Box 1. Pleiotropic effects of HDL.

• Inhibit adhesion protein expression [29]

• Increase NO production [30]

• Inhibit platelet activation [31]

• Promote fibrinolysis [32]

• Anti-inflammatory [33–36]

• Antioxidant [37]

• Sequester oxysterols [54]

Recent findings have also established a connection between HDL and other disorders associated with cardiovascular disease, such as metabolic syndrome and diabetes. It was discovered that apoA-I activates AMP-activated protein kinase (AMPK), and thus stimulates glucose uptake in myocytes [38]. Consistent with this finding, apoA-I knockout (K/O) mice were found to be insulin resistant and have increased fat content. It was recently demonstrated that mice with selective impairment of ABCA1 in β-cells have impaired glucose tolerance and defective insulin secretion [39]. ABCA1 is a binding partner of apoA-I and the mechanism connecting ABCA1 deficiency and β-cell impairment was found to be accumulation of cholesterol in β-cells due to its defective removal. Furthermore, HDL in diabetic patients has been shown to be altered in some way so that it is dysfunctional. For example, HDL is enriched in triglyceride in diabetic patients [40], leading to HDL that is less effective in counteracting the inhibition of endothelium-dependent vasorelaxation induced by oxidized LDL [41]. HDL from diabetic patients also has decreased ability to metabolize oxidized palmitoyl-arachido-nylphosphatidy l-choline, a major product of LDL oxidation and a paraoxonase-1 substrate, and is impaired in ABCA-I-mediated cholesterol cellular efflux [42]. Infusion of reconstituted HDL in diabetic patients was shown to restore endothelial function by increasing NO production [43].

It is perhaps surprising that there is such a multitude of mechanisms for the atheroprotective effect of HDL, particularly for those processes that are seemingly unrelated to cholesterol metabolism. As has been previously proposed, this may be due to a dual role of lipoproteins in innate immunity [44–46]. It is also important to note that HDL is a complex and heterogeneous collection of lipoproteins, with multiple subfractions [47,48]. It also contains over 40 different proteins, each of which could potentially alter cell function [49]. HDL also transports many different types of lipids, some of which are delivered to cells and are known to be potent bioactive molecules, such as sphinosine-1-phosphate [50]. Furthermore, the ability of HDL to remove excess cholesterol from cells can lead to many changes in cell function and gene expression. This is not unexpected given the abundance of cholesterol in cells and its importance in the structure and function of membrane proteins.

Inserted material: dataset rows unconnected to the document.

Lemma nat_le_infinite X : le_card nat X -> infinite_type X.
Proof.
  intros [f Hf] [l Hl].
  assert (ND : NoDup (map f (seq 0 (S (length l))))).
  { apply FinFun.Injective_map_NoDup; [exact Hf|apply seq_NoDup]. }
  pose proof (NoDup_incl_length ND (fun x _ => Hl x)) as Hlen.
  rewrite length_map, length_seq in Hlen; lia.
Qed.

Lemma infinite_type_nat : infinite_type nat.
Proof. apply nat_le_infinite, le_card_refl. Qed.

Lemma le_card_infinite X Y : le_card X Y -> infinite_type X -> infinite_type Y.
Proof.
  intros H HX; apply nat_le_infinite; eapply le_card_trans; [apply infinite_nat_le|]; eauto.
Qed.

Lemma le_card_finite X Y : le_card X Y -> finite_type Y -> finite_type X.
Proof. intros H HY; apply NNPP; intros N; eapply le_card_infinite; eauto. Qed.

Lemma finite_prod X Y : finite_type X -> finite_type Y -> finite_type (X * Y).
Proof. intros [l1 H1] [l2 H2]; exists (list_prod l1 l2); intros [a b]; apply in_prod; auto. Qed.

Lemma infinite_set_type X (S : X -> Prop) : infinite_set S -> infinite_type (sub S).
Proof.
  intros H [l Hl]; apply H; exists (map (@proj1_sig _ _) l).
  intros x hx; apply (in_map (@proj1_sig _ _) _ (exist _ x hx)); auto.
Qed.

Lemma infinite_type_set X (S : X -> Prop) : infinite_type (sub S) -> infinite_set S.
Proof.
  intros H [l Hl]; apply H.
  exists (flat_map (fun x => match excluded_middle_informative (S x) with
                   | left h => exist S x h :: nil | right _ => nil end) l).
  intros [x hx]; apply in_flat_map; exists x; split; auto.
  destruct (excluded_middle_informative (S x)) as [h|h]; [|contradiction].
  left; apply sub_inj; reflexivity.
Qed.

Lemma infinite_set_mono X (S T : X -> Prop) :
  (forall x, S x -> T x) -> infinite_set S -> infinite_set T.
Proof. intros H HS [l Hl]; apply HS; exists l; auto. Qed.

Lemma countable_infinite_set X (P : X -> Prop) : eq_card (sub P) nat -> infinite_set P.
Proof. intros H; apply infinite_type_set, nat_le_infinite, eq_card_ge, H. Qed.

Lemma infinite_set_countable X (S : X -> Prop) : infinite_set S ->
  exists P : X -> Prop, (forall x, P x -> S x) /\ eq_card (sub P) nat.
Proof.
  intros H; destruct (infinite_nat_le _ (infinite_set_type _ _ H)) as [f Hf].
  exists (fun x => exists n, proj1_sig (f n) = x); split.
  - intros x [n <-]; apply (proj2_sig (f n)).
  - apply eq_card_sym.
    exists (fun n => exist (fun x => exists n, proj1_sig (f n) = x) _ (ex_intro _ n eq_refl)).
    split.
    + intros m n E; apply Hf, sub_inj; injection E; auto.
    + intros [x [n <-]]; exists n; apply sub_inj; reflexivity.
Qed.

(** * Well-orders *)

Section WellOrderingTheorem.
Import ssreflect ssrbool eqtype boolp wochoice.

Lemma well_ordering_theorem (X : Type) : exists R : X -> X -> Prop, strict_well_order R.
Proof.
have [r r_wo] := well_ordering_principle {classic X}.
have minP (P : X -> Prop) : (exists x, P x) -> exists2 z, P z & forall y, P y -> r z y.
  move=> [x Px]; have [|z [[/asboolP Pz z_lb] _]] := r_wo (fun z => `[< P z >]).
    by exists x; apply/asboolP.
  by exists z => // y Py; apply: z_lb; apply/asboolP.
have r_total x y : r x y \/ r y x.
  have [|z [->|->] z_lb] := minP (fun w => w = x \/ w = y); first by exists x; left.
    by left; apply: z_lb; right.
  by right; apply: z_lb; left.
have r_anti x y : r x y -> r y x -> x = y.
  move=> rxy ryx; have [|m [_ m_uniq]] := r_wo (fun w => `[< w = x \/ w = y >]).
    by exists x; apply/asboolP; left.
  have r_refl w : r w w by case: (r_total w w).
  have m_eq w : w = x \/ w = y -> r w x -> r w y -> m = w.
    by move=> xyw rwx rwy; apply: m_uniq; split; [apply/asboolP | move=> v /asboolP[->|->]].
  by rewrite -(m_eq x) ?(m_eq y); auto.
have r_trans x y z : r x y -> r y z -> r x z.
  move=> rxy ryz; have [|m [->|[->|->]] m_lb] := minP (fun w => w = x \/ w = y \/ w = z).
  - by exists x; left.
  - by apply: m_lb; auto.
  - by rewrite (r_anti x y rxy); last by apply: m_lb; left.
  - by rewrite -(r_anti y z ryz); last by apply: m_lb; right; left.
exists (fun x y => r x y /\ x <> y); split; [|split; [|split]].
- by move=> x [].
- move=> x y z [rxy nxy] [ryz nyz]; split; first exact: r_trans _ _ _ rxy ryz.
  by move=> exz; apply: nxy; apply: (r_anti _ _ rxy); rewrite exz.
- move=> x y; case: (Classical_Prop.classic (x = y)) => [|nxy]; first by right; left.
  by case: (r_total x y) => ?; [left | right; right]; split; auto.
- move=> x; apply: NNPP => Nx.
  have [m Nm m_lb] := minP (fun w => ~ Acc _ w) (ex_intro _ x Nx).
  apply: Nm; constructor => y [rym nym]; apply: NNPP => Ny.
  by apply: nym; apply: (r_anti _ _ rym (m_lb y Ny)).
Qed.
Lemma twist_ip v w v' w' :
  ip2 ipV ipW (twist id v w) (twist id v' w') = ipV v v' * ipW w w'.
Proof.
have [ipV_linr ipV_conj] :=
  (preHilbert_linr (r_preHilbert HV), preHilbert_conj (r_preHilbert HV)).
have [ipW_linr ipW_conj] :=
  (preHilbert_linr (r_preHilbert HW), preHilbert_conj (r_preHilbert HW)).
pose f x y : K^o := ipV v' x * ipW w' y.
have bf : bilin f.
  split=> c x x' y; rewrite /f.
    by rewrite ipV_linr /GRing.scale /= mulrDl mulrA.
  by rewrite ipW_linr /GRing.scale /= mulrDr mulrCA.
(* The conjugates make the summands linear in the [V]-leg, so that the double
   sum becomes a pullback along [twist S] then [twist id]. *)
have inner a : \sum_(b <- coV v') ipV a.1 b.1 * ipW (actW a.2 w) (actW b.2 w') =
    (\sum_(c <- coV a.1) f c.1 (actW (S c.2) (actW a.2 w)))^*.
  pose G z : K^o := ipW w (actW (st a.2 * z) w').
  have lin_G : linear G.
    by move=> c x y; rewrite /G mulrDr -scalerAr actW_linl ipW_linr.
  transitivity (G (\sum_(b <- coV v') ipV a.1 b.1 *: b.2)).
    rewrite linear_fun_sum //; apply: eq_bigr => b _.
    by rewrite (scalable_linear lin_G) /G ipW_act (r_act_mul HW).
  rewrite ipV_coact linear_fun_sum // rmorph_sum; apply: eq_bigr => c _.
  rewrite (scalable_linear lin_G) /G /f -(hst_antimul HA) -ipW_act -(r_act_mul HW) //.
  by rewrite (ipV_conj c.1) (ipW_conj _ w') rmorphM.
rewrite /ip2 !big_map /=.
under eq_bigr => a _ do rewrite big_map /= inner.
rewrite -rmorph_sum; transitivity (f v w)^*.
  congr (_^*); rewrite -(twist_idK bf v w) tens_pull_twist.
  by apply: eq_bigr => a _; rewrite tens_pull_twist.
by rewrite /f (ipV_conj v) (ipW_conj w) rmorphM.
Qed.

End InducedRepresentations.

Theorem mainTheorem7 (R : realType) (A : algType R[i])
  (Delta : A -> seq (A * A)) (eps : A -> R[i]) (S : A -> A) (st : A -> A)
  (HA : isCQGHopfStar Delta eps S st)
  (B : A -> Prop) (HB : isRightCoidealStarSubalg Delta st B)
  (V : lmodType R[i]) (ipV : V -> V -> R[i]) (actV : A -> V -> V)
  (coV : V -> seq (V * A))
  (HV : isDKRep Delta eps S st B (@zeroP _ A) ipV actV coV)
  (W : lmodType R[i]) (ipW : W -> W -> R[i]) (actW : A -> W -> W)
  (coW : W -> seq (W * A))
  (HW : isDKRep Delta eps S st (fun _ => True) (ABplus eps B) ipW actW coW) :
  exists T : V -> W -> seq (V * W),
    [/\ (* T is linear V (.) W -> V (.) W *)
        (forall c v v' w, tens2 (@zeroP _ W) (T (c *: v + v') w)
                                 (scale1 c (T v w) ++ T v' w)) /\
        (forall c v w w', tens2 (@zeroP _ W) (T v (c *: w + w'))
                                 (scale1 c (T v w) ++ T v w')),
        (* T is bijective *)
        (forall s t, tens2 (@zeroP _ W) (ext2 T s) (ext2 T t) ->
                     tens2 (@zeroP _ W) s t) /\
        (forall t, exists s, tens2 (@zeroP _ W) (ext2 T s) t),
        (* T preserves the tensor product inner product *)
        (forall s t, ip2 ipV ipW (ext2 T s) (ext2 T t) = ip2 ipV ipW s t),
        (* T intertwines the B-actions of _V Ind(W) and Ind^W(V) *)
        (forall b, B b -> forall r : seq (A * A),
           tens2 (@zeroP _ A) (Delta b) r -> {in r, forall p, B p.1} ->
           forall s, tens2 (@zeroP _ W) (ext2 T (actIndL actV b s))
                                        (actIndR actV actW r (ext2 T s))) &
        (* T intertwines the C-coactions *)
        (forall s, tens3 (@zeroP _ W) (ABplus eps B)
                     (coIndR coW (ext2 T s)) (ext3 T (coIndL coV coW s)))].
Proof.
have lin_twist := twist_linear HV HW (@linear_id _ A).
exists (twist coV actW id); split.
- exact: (conj (tens_linear_linl lin_twist) (tens_linear_linr lin_twist)).
- split; first exact: ext2_inj (twist_linear HV HW (hS_lin HA)) (twist_idK HA HV HW).
  exact: ext2_surj (twist_SK HA HV HW).
- exact: ip2_ext2 (twist_ip HA HV HW).
- by move=> b Bb r Dr Br s; exact: (twist_act HV HW Bb Dr Br s).
- by move=> s; exact: (twist_coact HV HW s).
Qed.
Lemma morse_seq_ind (P : {set V} -> Prop) :
    (forall nu, critical W nu -> P nu) ->
    (forall L M sg tau, complex M -> M \subset K -> regular_pair W sg tau ->
       elem_expansion L M sg tau -> {in L, forall s, P s} -> P sg /\ P tau) ->
  {in K, forall s, P s}.
Proof.
move=> P_crit P_pair.
suff P_Ki i : i < n -> {in Ki i, forall s, P s}.
  by rewrite -morse_seq_last; apply: P_Ki; case: HW => n0 *; lia.
elim: i => [_ s|i IH lt_in s s_new]; first by case: HW => _ -> _ _ _; rewrite in_set0.
have [s_old|s_old] := boolP (s \in Ki i); first exact: IH (ltnW lt_in) _ s_old.
case: (morse_seq_new lt_in s_new s_old) => [/P_crit //|[sg [tau [reg exp sE]]]].
case: HW => _ _ _ Kcx _.
have [] := P_pair _ _ sg tau (Kcx _ lt_in) (morse_seq_sub lt_in) reg exp (IH (ltnW lt_in)).
by case: sE => ->.
Qed.

Lemma morse_seq_ind_down (P : {set V} -> Prop) :
    (forall nu, critical W nu -> P nu) ->
    (forall L M sg tau, complex M -> M \subset K -> regular_pair W sg tau ->
       elem_expansion L M sg tau -> {in K :\: M, forall s, P s} -> P sg /\ P tau) ->
  {in K, forall s, P s}.
Proof.
move=> P_crit P_pair.
suff P_Ki j : j < n -> {in K :\: Ki (n.-1 - j), forall s, P s}.
  move=> s sK; apply: (P_Ki n.-1); first by case: HW => n0 *; lia.
  by case: HW => _ W0 _ _ _; rewrite subnn W0 setD0.
elim: j => [_ s|j IH lt_jn s]; first by rewrite subn0 morse_seq_last setDv inE.
have [lt_in iE] : (n.-1 - j.+1).+1 < n /\ n.-1 - j = (n.-1 - j.+1).+1 by lia.
move: IH; rewrite iE; set i := n.-1 - j.+1 => IH.
rewrite inE => /andP[s_old sK].
have [s_new|s_new] := boolP (s \in Ki i.+1); last by apply: IH; rewrite ?inE ?s_new //; lia.
case: (morse_seq_new lt_in s_new s_old) => [/P_crit //|[sg [tau [reg exp sE]]]].
case: HW => _ _ _ Kcx _.
have [] := P_pair _ _ sg tau (Kcx _ lt_in) (morse_seq_sub lt_in) reg exp (IH (ltnW lt_jn)).
by case: sE => ->.
Qed.

End MorseSequence.

Section ReferenceMaps.
Variables (V : finType) (K : {set {set V}}) (W : seq {set {set V}}).
Hypotheses (HK : complex K) (HW : morse_seq K W).

Lemma ref_bdry_ref ref : is_reference_map K W ref ->
  {in K, forall s, lin ref (lin (bdry K) (ref s)) = lin ref (bdry K s)}.
Proof.
move=> [_ ref_crit ref_reg]; apply: (morse_seq_ind HW).
  by move=> nu /ref_crit ->; rewrite lin_set1.
move=> L M sg tau Mcx MK reg exp IH.
have [ref_tau ref_btau] := ref_reg tau (ex_intro _ sg reg).
split; last by rewrite ref_tau !lin_set0 ref_btau.
have [[_ _ tauM _] _] := exp.
apply: (lin_proj_pair ref_btau); first exact: bdry_bdry HK (subsetP MK _ tauM).
  by case: exp => fp _; apply: free_pair_bdry fp.
by move=> t /(expansion_bdry HK Mcx exp)/IH.
Qed.

Lemma coref_cobdry_coref coref : is_coreference_map K W coref ->
  {in K, forall s, lin coref (lin (cobdry K) (coref s)) = lin coref (cobdry K s)}.
Proof.
move=> [_ coref_crit coref_reg]; apply: (morse_seq_ind_down HW).
  by move=> nu /coref_crit ->; rewrite lin_set1.
move=> L M sg tau Mcx MK reg exp IH.
have [coref_sg coref_dsg] := coref_reg sg (ex_intro _ tau reg).
split; first by rewrite coref_sg !lin_set0 coref_dsg.
have [[_ sgM _ _] _] := exp.
apply: (lin_proj_pair coref_dsg); first exact: cobdry_cobdry HK (subsetP MK _ sgM).
  by case: exp => fp _; apply: free_pair_cobdry fp.
by move=> t /(expansion_cobdry exp)/IH.
Qed.

End ReferenceMaps.

Theorem proposition7 (V : finType) (K : {set {set V}}) (W : seq {set {set V}})
    (ref coref : {set V} -> {set {set V}}) :
  complex K -> morse_seq K W ->
  is_reference_map K W ref -> is_coreference_map K W coref ->
  forall p : nat,
    (forall c, hatW K W p.+1 c -> hat_bdry K ref (hat_bdry K ref c) = set0) /\
    (forall c, hatW K W p c -> hat_cobdry K coref (hat_cobdry K coref c) = set0).
Proof.
move=> HK HW ref_map coref_map p.
have chain_sub q c : hatW K W q c -> c \subset K.
  by move=> c_crit; apply/subsetP => x /c_crit[].
split=> c /chain_sub cK; apply: (lin_proj_square_eq0 _ _ _ cK).
- by move=> s; apply: (ref_bdry_ref HK HW ref_map).
- by move=> s; apply: bdry_bdry HK.
- by move=> s; apply/subsetP => t /setIdP[].
- by move=> s; apply: (coref_cobdry_coref HK HW coref_map).
- by move=> s; apply: cobdry_cobdry HK.
- by move=> s; apply/subsetP => t /setIdP[].
Qed.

For example, removal of excess cholesterol from cells facilitates signaling by the TGF-β receptor, which reduces cell proliferation in plaques [51,52]. Other recent studies have shown that reducing the cholesterol content of macrophages prevents their apoptosis and results in numerous gene expression changes, some of which may lead to the migration of macrophages out of the vessel wall [53]. The reduction of cholesterol in plaques from HDL may, therefore, not only be from cholesterol efflux from cells in the plaque but also from the egress of cholesterol-loaded cells from the plaque and perhaps may also be due to a reduction in the infiltration and retention of lipoproteins in the vessel wall. In addition to cholesterol, HDL can also promote the efflux of oxysterols from cells that are proinflammatory and proapoptotic [54]. Thus, some of the pleiotropic effects of HDL may still be related to its ability to efflux lipid from cells. However, the relative in vivo importance of all these potential beneficial effects of HDL in reducing atherosclerosis is not known and remains a critical unresolved question in HDL research.

HDL-replacement agents

A list of the possible HDL-replacement agents, which are at various stages of development, is shown in Table 1. Depending on the source material they can be classified as either synthetic or as autologous/homologous HDL isolated from patients. Based on the components of HDL, the synthetic forms of HDL-replacement agents can be further subclassified into apolipoproteins, phospholipids and enzymes.

Table 1.

HDL-replacement agents.

Type	Agent	Ref.
Synthetic/purified
ApoA-I	ApoA-I Milano (ETC-216)	[64]
	Wild-type ApoA-I (CSL-111)	[78]
	Trimeric ApoA-I	[79]
Apo A–I mimetic peptides	D-4F	[85–88]
	5A	[92,94]
Enzymes	LCAT	[97]
Phospholipids	PC-LUVs	[99,104]
	Oral PC	[105]
Autologouslhomologous
Cholesterol extraction treatment		[106]
Phospholipid enrichment treatment		[107]

LCAT: Lecithin:cholesterol acyltransferase; LUV: Large unilamellar vesicles; PC: Phosphatidylcholine.

ApoA-I

Apolipoprotein A–I is by far the most common protein component of HDL and thus is a natural choice in developing a therapeutic HDL-replacement agent. As discussed previously, apoA-I is known to play a central role in the ability of HDL to extract excess cholesterol from peripheral cells and return it to the liver for excretion. The first studies involving the repeated infusion of HDL were conducted in cholesterol-fed rabbits [55]. In these pioneering studies, it was found that the intravenous administration of homologous rabbit HDL into cholesterol-fed rabbits blocked the progression of atherosclerotic plaques and could also promote plaque regression. Many subsequent studies of purified apoA-I reconstituted with phospholipids have confirmed these findings in various animal models of atherosclerosis, and they also revealed that even a single infusion of HDL can have a significant favorable impact on plaque composition and volume [56]. As discussed previously, the rapid effect of HDL on plaques is probably not only a consequence of stimulating cholesterol efflux, but also the ability of HDL to decrease inflammation and to mediate the other pleiotropic effects of HDL, which are preserved with reconstituted HDL. In human studies, infusion of reconstituted HDL has been shown to raise HDL-cholesterol (HDL-C) [57], to increase fecal sterol excretion [58] and to counteract endothelial dysfunction [59]. By contrast, infusion of lipid-free apoA-I increased the phospholipid content on HDL but did not substantially increase HDL-C [60]. These early studies led to the idea of using apoA-I reconstituted with phospholipid as a therapeutic agent.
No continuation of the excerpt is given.